O caso de João constitui uma situação típica de hipertermia que evoluiu para estado de choque e morte, porque foi tragicamente ignorada pelos profissionais da saúde que o atenderam. Esta situação acontece quando o calor produzido pela atividade metabólica do corpo, - especialmente o calor derivado da atividade muscular (esforço físico para limpar as chaminés), - soma-se ao calor proveniente do meio ambiente (calor dentro da chaminé), elevando a temperatura interna acima dos limites compatíveis com a integridade funcional das células, principalmente do sistema nervoso central.
Devido ao risco aumentado de mortes provocadas pelo trabalho em ambientes quentes, precisamos ser capazes de identificar as as principais manifestações de hipertermia (que João apresentou e não foram identificadas corretamente).
A primeira distinção a ser feita é entre febre e hipertermia (veja mais detalhes aqui ).
Na febre o organismo acumula calor por decisão dos centros nervosos termorregulatórios (por meio da vasoconstrição periférica, da produção de tremores e da supressão do suor).
Ao contrário, na hipertermia o organismo acumula calor por incapacidade de dissipá-lo para o ambiente, o que tenta realizar por meio da vasodilatação cutânea e da grande produção de suor, o qual, somente retira calor do organismo se o suor puder evaporar).
Enquanto na febre em ascensão a temperatura interna está aumentada e a pele permanece pálida e fria, na hipertermia a temperatura interna está aumentada mas as extremidades se apresentam com a pele quente. No entanto, na prática dos profissionais de saúde, infelizmente, há grande confusão entre febre e hipertermia, o que pode ser fatal, como no caso de João.
Outro aspecto importante que foi negligenciado no primeiro atendimento, ainda na siderúrgica foi a história clínica evidente: João era um homem jovem, saudável e assintomático até poucas horas antes, enquanto trabalhava realizando esforço físico, usando roupas de proteção pesadas e impermeáveis à evaporação do suor, sob condições de calor. A probabilidade de hipertermia nestas condições deve ser considerada dentro do diagnóstico diferencial com febre.
No Quadro 1 apresento os diferentes sinais e sintomas que aparecem durante exposição ao calor de acordo com os diferentes níveis de hipertermia, desde a fisiológica (fadiga) até a exaustão ou mesmo a morte por choque hipertérmico.

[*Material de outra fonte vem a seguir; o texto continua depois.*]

(* Let $V:[0,\infty)\to\mathbb{R}$ be càdlàg with finite variation on compact intervals. Then the set of complex levels for $V$ has zero Lebesgue measure.
   Context: $V(t-)$ denotes the left limit and $\Delta V(t)=V(t)-V(t-)$. A level $x\in\mathbb{R}$ is called simple for $V$ if two conditions hold. First, the set $\{t>0: V(t-)<x<V(t)\text{ or }V(t)<x<V(t-)\text{ or }V(t)=x\}$ is discrete, i.e. has no accumulation point in $[0,\infty)$. Second, there is no $t>0$ with $\Delta V(t)\neq0$ and $x\in\{V(t),V(t-)\}$. A level that is not simple is called complex. *)

From Stdlib Require Import Reals List.
Open Scope R_scope.

(* V : R -> R models a path on [0,oo); values at negative times are ignored. *)

Definition is_left_lim (V : R -> R) (t l : R) : Prop :=
  forall eps, 0 < eps -> exists delta, 0 < delta /\
    forall s, 0 <= s -> t - delta < s < t -> Rabs (V s - l) < eps.

Definition cadlag (V : R -> R) : Prop :=
  (forall t, 0 <= t -> forall eps, 0 < eps -> exists delta, 0 < delta /\
      forall s, t <= s < t + delta -> Rabs (V s - V t) < eps) /\
  (forall t, 0 < t -> exists l, is_left_lim V t l).

Fixpoint ascending (p : list R) : Prop :=
  match p with
  | a :: ((b :: _) as r) => a <= b /\ ascending r
  | _ => True
  end.

Fixpoint variation_along (V : R -> R) (p : list R) : R :=
  match p with
  | a :: ((b :: _) as r) => Rabs (V b - V a) + variation_along V r
  | _ => 0
  end.

Definition finite_variation_loc (V : R -> R) : Prop :=
  forall T, 0 <= T -> exists M, forall p : list R,
    ascending p -> Forall (fun t => 0 <= t <= T) p -> variation_along V p <= M.

Definition hit_time (V : R -> R) (x t : R) : Prop :=
  0 < t /\ exists l, is_left_lim V t l /\
    ((l < x < V t) \/ (V t < x < l) \/ V t = x).

Definition simple_level (V : R -> R) (x : R) : Prop :=
  (* the set of hit times has no accumulation point in [0,oo) *)
  (forall a, 0 <= a -> exists delta, 0 < delta /\
     forall t, hit_time V x t -> ~ (0 < Rabs (t - a) < delta)) /\
  (~ exists t l, 0 < t /\ is_left_lim V t l /\ V t - l <> 0 /\ (x = V t \/ x = l)).
(* Let $0\le c<1$ and $0\le\delta\le q$ with $q>0$, and let $\mathbf A(\mu)=\begin{bmatrix}0&1-\delta\mu\\-c&1+c-q\mu\end{bmatrix}$. For any $k\ge1$ and any $\mu_1,\dots,\mu_k\in\big[0,\frac{(1-c)^2}{q-c\delta}\big]$, $$\Big\|\prod_{i=1}^k\mathbf A(\mu_i)\begin{bmatrix}1\\1\end{bmatrix}\Big\|\le2.$$
   Context: $\|\cdot\|$ denotes the Euclidean norm of a vector in $\mathbb R^2$; the product is an ordered matrix product. *)

From HB Require Import structures.
From mathcomp Require Import all_boot all_order all_algebra.
Set Implicit Arguments. Unset Strict Implicit. Unset Printing Implicit Defensive.
Import Order.TTheory GRing.Theory Num.Theory.
Local Open Scope ring_scope.

Definition Amat (R : nzRingType) (c delta q mu : R) : 'M[R]_2 :=
  \matrix_(i < 2, j < 2)
    if (i == 0 :> nat) then (if (j == 0 :> nat) then 0 else 1 - delta * mu)
    else (if (j == 0 :> nat) then - c else 1 + c - q * mu).

Definition ones2 (R : nzRingType) : 'cV[R]_2 := \col_(i < 2) 1.

Definition enorm (R : rcfType) (n : nat) (v : 'cV[R]_n) : R :=
  Num.sqrt (\sum_(i < n) v i 0 ^+ 2).

(* The quadratic form F(x, y) = (y - c x)^2 + (x - y)^2 does not increase
   under any admissible A(mu).  In the coordinates u = y - c x, w = x - y,
   A(mu) acts by (u, w) |-> ((1 - t) u - t c w, r u + c (1 + r) w), where
   t = (q - c delta) mu / (1 - c) and r = (q - delta) mu / (1 - c); the bound
   on mu says exactly that (t, r) lies in the triangle 0 <= r <= t <= 1 - c.
   This matrix is affine in (t, r) and the squared Euclidean norm is convex,
   so it suffices to see that the matrices at the three vertices of the
   triangle are contractions.  Since F(1, 1) = (1 - c)^2, every product
   applied to (1, 1) keeps F <= (1 - c)^2, and as (1 - c) x = u + w and
   (1 - c) y = u + c w, this forces x^2 + y^2 <= 4. *)
From HB Require Import structures.
From mathcomp Require Import all_boot all_order all_algebra.
From mathcomp Require Import ring lra.
Import Order.TTheory GRing.Theory Num.Theory.
Set Implicit Arguments. Unset Strict Implicit.
Local Open Scope ring_scope.

Section ConvexContraction.

Variable R : realDomainType.

Lemma sqr_wsum3_le (W0 W1 W2 a0 a1 a2 : R) :
  0 <= W0 -> 0 <= W1 -> 0 <= W2 ->
  (W0 * a0 + W1 * a1 + W2 * a2) ^+ 2
    <= (W0 + W1 + W2) * (W0 * a0 ^+ 2 + W1 * a1 ^+ 2 + W2 * a2 ^+ 2).
Proof.
move=> W0ge0 W1ge0 W2ge0; rewrite -subr_ge0.
have -> : (W0 + W1 + W2) * (W0 * a0 ^+ 2 + W1 * a1 ^+ 2 + W2 * a2 ^+ 2)
          - (W0 * a0 + W1 * a1 + W2 * a2) ^+ 2
  = W0 * W1 * (a0 - a1) ^+ 2 + W0 * W2 * (a0 - a2) ^+ 2
    + W1 * W2 * (a1 - a2) ^+ 2 by ring.
by apply: addr_ge0; [apply: addr_ge0|]; apply: mulr_ge0;
  rewrite ?sqr_ge0 ?mulr_ge0.
Qed.

Lemma sqrn2_wsum3_le (W0 W1 W2 x0 x1 x2 y0 y1 y2 N : R) :
  0 <= W0 -> 0 <= W1 -> 0 <= W2 ->
  x0 ^+ 2 + y0 ^+ 2 <= N -> x1 ^+ 2 + y1 ^+ 2 <= N -> x2 ^+ 2 + y2 ^+ 2 <= N ->
  (W0 * x0 + W1 * x1 + W2 * x2) ^+ 2 + (W0 * y0 + W1 * y1 + W2 * y2) ^+ 2
    <= (W0 + W1 + W2) ^+ 2 * N.
Proof.
move=> W0ge0 W1ge0 W2ge0 N0 N1 N2.
have Wge0 : 0 <= W0 + W1 + W2 by lra.
apply: le_trans (lerD (sqr_wsum3_le x0 x1 x2 W0ge0 W1ge0 W2ge0)
                      (sqr_wsum3_le y0 y1 y2 W0ge0 W1ge0 W2ge0)) _.
rewrite -mulrDr expr2 -mulrA ler_wpM2l //.
have -> : W0 * x0 ^+ 2 + W1 * x1 ^+ 2 + W2 * x2 ^+ 2
          + (W0 * y0 ^+ 2 + W1 * y1 ^+ 2 + W2 * y2 ^+ 2)
  = W0 * (x0 ^+ 2 + y0 ^+ 2) + W1 * (x1 ^+ 2 + y1 ^+ 2)
    + W2 * (x2 ^+ 2 + y2 ^+ 2) by ring.
by rewrite !mulrDl !lerD // ler_wpM2l.
Qed.

Lemma contraction_vertex00 (c u w : R) : 0 <= c -> c < 1 ->
  u ^+ 2 + (c * w) ^+ 2 <= u ^+ 2 + w ^+ 2.
Proof.
move=> c_ge0 c_lt1.
by rewrite lerD2l exprMn ler_piMl ?sqr_ge0 // expr_le1 // ltW.
Qed.

Lemma contraction_vertex10 (c u w : R) : 0 <= c -> c < 1 ->
  (c * u - c * (1 - c) * w) ^+ 2 + (c * w) ^+ 2 <= u ^+ 2 + w ^+ 2.
Proof.
move=> c_ge0 c_lt1; have cp1_gt0 : 0 < 1 + c by lra.
rewrite -subr_ge0 -(pmulr_rge0 _ cp1_gt0).
have -> : (1 + c) * (u ^+ 2 + w ^+ 2
                     - ((c * u - c * (1 - c) * w) ^+ 2 + (c * w) ^+ 2))
  = (1 - c) * ((1 + c) * u + c ^+ 2 * w) ^+ 2
    + (1 - c) * (1 + 2 * c) * w ^+ 2 by ring.
by apply: addr_ge0; apply: mulr_ge0; rewrite ?sqr_ge0 //; nra.
Qed.

Lemma contraction_vertex11 (c u w : R) : 0 <= c -> c < 1 ->
  (c * u - c * (1 - c) * w) ^+ 2 + ((1 - c) * u + c * (2 - c) * w) ^+ 2
    <= u ^+ 2 + w ^+ 2.
Proof.
move=> c_ge0 c_lt1; rewrite -subr_ge0.
have -> : u ^+ 2 + w ^+ 2 - ((c * u - c * (1 - c) * w) ^+ 2
                             + ((1 - c) * u + c * (2 - c) * w) ^+ 2)
  = 2 * c * (1 - c) * (u - (1 - c) * w) ^+ 2 + (1 - c) ^+ 2 * w ^+ 2 by ring.
by apply: addr_ge0; apply: mulr_ge0; rewrite ?sqr_ge0 //; nra.
Qed.

Lemma contraction_triangle (c u w t r : R) : 0 <= c -> c < 1 ->
  0 <= r -> r <= t -> t <= 1 - c ->
  ((1 - t) * u - t * c * w) ^+ 2 + (r * u + c * (1 + r) * w) ^+ 2
    <= u ^+ 2 + w ^+ 2.
Proof.
move=> c_ge0 c_lt1 r_ge0 r_le_t t_le.
have W0ge0 : 0 <= 1 - c - t by lra.
have W1ge0 : 0 <= t - r by lra.
have := sqrn2_wsum3_le W0ge0 W1ge0 r_ge0
  (contraction_vertex00 u w c_ge0 c_lt1)
  (contraction_vertex10 u w c_ge0 c_lt1) (contraction_vertex11 u w c_ge0 c_lt1).
(* barycentric coordinates of (t, r) in the triangle, scaled by 1 - c *)
have -> : 1 - c - t + (t - r) + r = 1 - c by ring.
have -> : (1 - c - t) * u + (t - r) * (c * u - c * (1 - c) * w)
          + r * (c * u - c * (1 - c) * w)
  = (1 - c) * ((1 - t) * u - t * c * w) by ring.
have -> : (1 - c - t) * (c * w) + (t - r) * (c * w)
          + r * ((1 - c) * u + c * (2 - c) * w)
  = (1 - c) * (r * u + c * (1 + r) * w) by ring.
by rewrite !exprMn -mulrDr ler_pM2l // exprn_gt0 // subr_gt0.
Qed.

End ConvexContraction.

Lemma Amat_mulmx_row0 (R : nzRingType) (c delta q mu : R) (v : 'cV[R]_2) :
  (Amat c delta q mu *m v) 0 0 = (1 - delta * mu) * v 1 0.
Proof.
rewrite !mxE big_ord_recr big_ord1 /= !mxE /= mul0r add0r.
by congr (_ * v _ _); apply: val_inj.
Qed.

Lemma Amat_mulmx_row1 (R : nzRingType) (c delta q mu : R) (v : 'cV[R]_2) :
  (Amat c delta q mu *m v) 1 0 = - c * v 0 0 + (1 + c - q * mu) * v 1 0.
Proof.
rewrite !mxE big_ord_recr big_ord1 /= !mxE /=.
by congr (_ * v _ _ + _ * v _ _); apply: val_inj.
Qed.

Definition lyap (R : nzRingType) (c : R) (v : 'cV[R]_2) : R :=
  (v 1 0 - c * v 0 0) ^+ 2 + (v 0 0 - v 1 0) ^+ 2.

Lemma lyap_ones2 (R : nzRingType) (c : R) : lyap c (ones2 R) = (1 - c) ^+ 2.
Proof. by rewrite /lyap !mxE mulr1 subrr expr0n addr0. Qed.

Lemma lyap_Amat_le (R : realFieldType) (c delta q mu : R) (v : 'cV[R]_2) :
  0 <= c -> c < 1 -> 0 <= delta -> delta <= q ->
  0 <= mu <= (1 - c) ^+ 2 / (q - c * delta) ->
  lyap c (Amat c delta q mu *m v) <= lyap c v.
Proof.
move=> c_ge0 c_lt1 delta_ge0 delta_le_q /andP[mu_ge0 mu_le].
rewrite /lyap Amat_mulmx_row0 Amat_mulmx_row1.
set x := v 0 0; set y := v 1 0.
have c1_gt0 : 0 < 1 - c by lra.
have c1_neq0 : 1 - c != 0 by rewrite gt_eqF.
set t := (q - c * delta) * mu / (1 - c).
set r := (q - delta) * mu / (1 - c).
have -> : - c * x + (1 + c - q * mu) * y - c * ((1 - delta * mu) * y)
  = (1 - t) * (y - c * x) - t * c * (x - y) by rewrite /t; field.
have -> : (1 - delta * mu) * y - (- c * x + (1 + c - q * mu) * y)
  = r * (y - c * x) + c * (1 + r) * (x - y) by rewrite /r; field.
apply: contraction_triangle => //.
- by rewrite /r divr_ge0 ?mulr_ge0 //; lra.
- by rewrite /r /t ler_pM2r ?invr_gt0 // ler_wpM2r //; nra.
rewrite /t ler_pdivrMr // -expr2.
have [<-|qcd_neq0] := eqVneq 0 (q - c * delta); first by rewrite mul0r sqr_ge0.
have qcd_gt0 : 0 < q - c * delta by rewrite lt_def eq_sym qcd_neq0 /=; nra.
by rewrite mulrC -ler_pdivlMr.
Qed.

Lemma lyap_prod_Amat_le (R : realFieldType) (c delta q : R) (n : nat)
    (mu : 'I_n -> R) (v : 'cV[R]_2) :
  0 <= c -> c < 1 -> 0 <= delta -> delta <= q ->
  (forall i, 0 <= mu i <= (1 - c) ^+ 2 / (q - c * delta)) ->
  lyap c ((\prod_(i < n) Amat c delta q (mu i)) *m v) <= lyap c v.
Proof.
move=> c_ge0 c_lt1 delta_ge0 delta_le_q.
elim: n mu => [|n IHn] mu mu_bound; first by rewrite big_ord0 mul1mx.
rewrite big_ord_recl -mulmxE -mulmxA.
apply: le_trans (IHn _ (fun i => mu_bound (lift ord0 i))).
exact: lyap_Amat_le.
Qed.

Lemma sqrn2_le4_of_lyap (R : realFieldType) (c x y : R) : -1 <= c -> c < 1 ->
  (y - c * x) ^+ 2 + (x - y) ^+ 2 <= (1 - c) ^+ 2 -> x ^+ 2 + y ^+ 2 <= 4.
Proof.
move=> c_ge_N1 c_lt1 lyap_le.
have c1_gt0 : 0 < (1 - c) ^+ 2 by rewrite exprn_gt0 // subr_gt0.
(* (1 - c) x = u + w and (1 - c) y = u + c w, with u = y - c x, w = x - y *)
have key : (1 - c) ^+ 2 * (x ^+ 2 + y ^+ 2)
           <= 4 * ((y - c * x) ^+ 2 + (x - y) ^+ 2).
  rewrite -subr_ge0.
  have -> : 4 * ((y - c * x) ^+ 2 + (x - y) ^+ 2)
            - (1 - c) ^+ 2 * (x ^+ 2 + y ^+ 2)
    = (y - c * x - (x - y)) ^+ 2 + (c * (y - c * x) - (x - y)) ^+ 2
      + (1 - c ^+ 2) * ((y - c * x) ^+ 2 + (x - y) ^+ 2) by ring.
  apply: addr_ge0; first by apply: addr_ge0; apply: sqr_ge0.
  have c2_le1 : 0 <= 1 - c ^+ 2.
    rewrite (_ : 1 - c ^+ 2 = (1 - c) * (1 + c)); last by ring.
    by apply: mulr_ge0; lra.
  by apply: mulr_ge0 => //; apply: addr_ge0; apply: sqr_ge0.
rewrite -(ler_pM2l c1_gt0); apply: le_trans key _.
by rewrite mulrC ler_wpM2r.
Qed.

Lemma enorm_cV2 (R : rcfType) (v : 'cV[R]_2) :
  enorm v = Num.sqrt (v 0 0 ^+ 2 + v 1 0 ^+ 2).
Proof.
rewrite /enorm big_ord_recr big_ord1 /=.
by congr (Num.sqrt (v _ 0 ^+ 2 + v _ 0 ^+ 2)); apply: val_inj.
Qed.

Theorem mainTheorem11 (R : rcfType) (c delta q : R) (k : nat) (mu : 'I_k -> R) :
  0 <= c -> c < 1 -> 0 < q -> 0 <= delta -> delta <= q ->
  (1 <= k)%N ->
  (forall i, 0 <= mu i <= (1 - c) ^+ 2 / (q - c * delta)) ->
  enorm ((\prod_(i < k) Amat c delta q (mu i)) *m ones2 R) <= 2.
Proof.
move=> c_ge0 c_lt1 _ delta_ge0 delta_le_q _ mu_bound.
have := lyap_prod_Amat_le (ones2 R) c_ge0 c_lt1 delta_ge0 delta_le_q mu_bound.
rewrite lyap_ones2 enorm_cV2 => lyap_le.
have c_ge_N1 : -1 <= c by lra.
have sqrn_le4 := sqrn2_le4_of_lyap c_ge_N1 c_lt1 lyap_le.
rewrite -(@ger0_norm _ 2) // -sqrtr_sqr ler_sqrt ?sqr_ge0 //.
by rewrite (_ : 2 ^+ 2 = 4) //; ring.
Qed.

Nível de gravidadeManifestações associadas ao aumento da temperatura interna
Fadiga
(Temperatura axilar geralmente menor do que 39 oC)Desejo de interromper a atividade - cansaço Desatenção Perda de eficiência Aumento dos erros operacionais

Exaustão
(Temperatura axilar geralmente maior do que 39 oC)Síncope (hipotensão - queda de pressão arterial - transitória) Taquicardia (aumento dos batimentos cardíacos) Cefaleia (dor de cabeça) Náusea (enjoo, vômitos) Perda de força muscular Ataxia (falta de coordenação motora) Câimbras musculares Hiperventilação (respiração acelerada) Disfunção sudorípara (incapacidade de suar)

Choque hipertérmico
(Se não for considerada a história clínica o quadro é semelhante ao choque septicêmico)Hipotensão (queda na pressão arterial) duradoura até estado de insuficiência circulatória aguda
Disfunção neurológica evoluindo para coma
Oligúria (redução do volume de urina) até insuficiência renal
Septicemia (infecção generalizada por meio da circulação sanguínea)
Morte
Quadro 1 – Adaptado de “Níveis progressivos de gravidade da hipertermia” (Rodrigues LOC, 2008), incluído no Protocolo de Procedimentos Relacionados ao Calor, do Grupo Técnico do Instituto Brasileiro de Siderurgia, novembro de 2008.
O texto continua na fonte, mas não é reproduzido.